[Task prompt] Please copy each line below that contains the string "Import".

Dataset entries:
[Start of Attachment]

(* Let $q\ge 2$ be an even integer, $m\ge 4$ an integer, $\pi$ a permutation of $\{0,1,\dots,m-3\}$, and $c\in\mathbb Z_q$. For $d\in\{0,1\}$ define the Boolean functions $\zeta^d,\eta^d$ in the variables $x_0,\dots,x_{m-3}$ (values in $\mathbb Z_2$) by $$\zeta^d=\sum_{\alpha=0}^{m-4}x_{\pi(\alpha)}x_{\pi(\alpha+1)}+d\,x_{\pi(m-3)},\qquad \eta^d=\sum_{\alpha=0}^{m-4}\bar x_{\pi(\alpha)}\bar x_{\pi(\alpha+1)}+\bar d\,\bar x_{\pi(m-3)}+d,$$ and the generalized Boolean function $g^d:\mathbb Z_2^m\to\mathbb Z_q$ by $$g^d=\frac q2\Big[\bar x_{m-1}x_{m-2}\,\zeta^d+x_{m-1}\bar x_{m-2}\,\eta^d+\bar d\,x_{m-1}x_{m-2}\Big]+c .$$ Then $(\mathbf a,\mathbf b)=\big(\Psi_{2^{m-2}-1}(g^0),\Psi_{2^{m-2}-1}(g^1)\big)$ is a $(2^{m-1}+2,\;2^{\pi(m-3)}+1)$-CZCP.
   Context: $\omega=e^{2\pi\sqrt{-1}/q}$. For $x\in\{0,1\}$, $\bar x=1-x$. For an integer $0\le i<2^m$, $\mathbf r_i=(r_{i,0},\dots,r_{i,m-1})$ is its binary representation, $i=\sum_j r_{i,j}2^j$. For a function $f:\mathbb Z_2^m\to\mathbb Z_q$, $\Psi(f)$ is the length-$2^m$ complex sequence $(\omega^{f(\mathbf r_0)},\omega^{f(\mathbf r_1)},\dots,\omega^{f(\mathbf r_{2^m-1})})$, and for $0\le L<2^{m-1}$ the truncated sequence $\Psi_L(f)$ is obtained from $\Psi(f)$ by deleting its first $L$ and its last $L$ entries (so it has length $2^m-2L$). Aperiodic correlation: for complex sequences $\mathbf a,\mathbf b$ of length $N$, $\rho_{\mathbf a,\mathbf b}(\tau)=\sum_{k=0}^{N-1-\tau}a_k\overline{b_{k+\tau}}$ for $0\le\tau\le N-1$, $\rho_{\mathbf a,\mathbf b}(\tau)=\sum_{k=0}^{N-1+\tau}a_{k-\tau}\overline{b_k}$ for $-(N-1)\le\tau\le -1$, and $0$ for $|\tau|\ge N$; $\rho_{\mathbf a}=\rho_{\mathbf a,\mathbf a}$. CZCP: for positive integers $N,Z$ let $\mathcal T_1=\{1,\dots,Z\}$ and $\mathcal T_2=\{N-Z,\dots,N-1\}$. A pair $(\mathbf a,\mathbf b)$ of length-$N$ sequences is an $(N,Z)$-CZCP (cross Z-complementary pair) if (C1) $\rho_{\mathbf a}(\tau)+\rho_{\mathbf b}(\tau)=0$ for all $\tau$ with $|\tau|\in\mathcal T_1\cup\mathcal T_2$, and (C2) $\rho_{\mathbf a,\mathbf b}(\tau)+\rho_{\mathbf b,\mathbf a}(\tau)=0$ for all $\tau$ with $|\tau|\in\mathcal T_2$. *)

From HB Require Import structures.
From mathcomp Require Import all_boot all_order all_algebra all_fingroup all_field.
Set Implicit Arguments. Unset Strict Implicit. Unset Printing Implicit Defensive.
Import Order.TTheory GRing.Theory Num.Theory.
Local Open Scope ring_scope.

[End of Attachment]

[Solution to this task]
From HB Require Import structures.
From mathcomp Require Import all_boot all_order all_algebra all_fingroup all_field.
Import Order.TTheory GRing.Theory Num.Theory.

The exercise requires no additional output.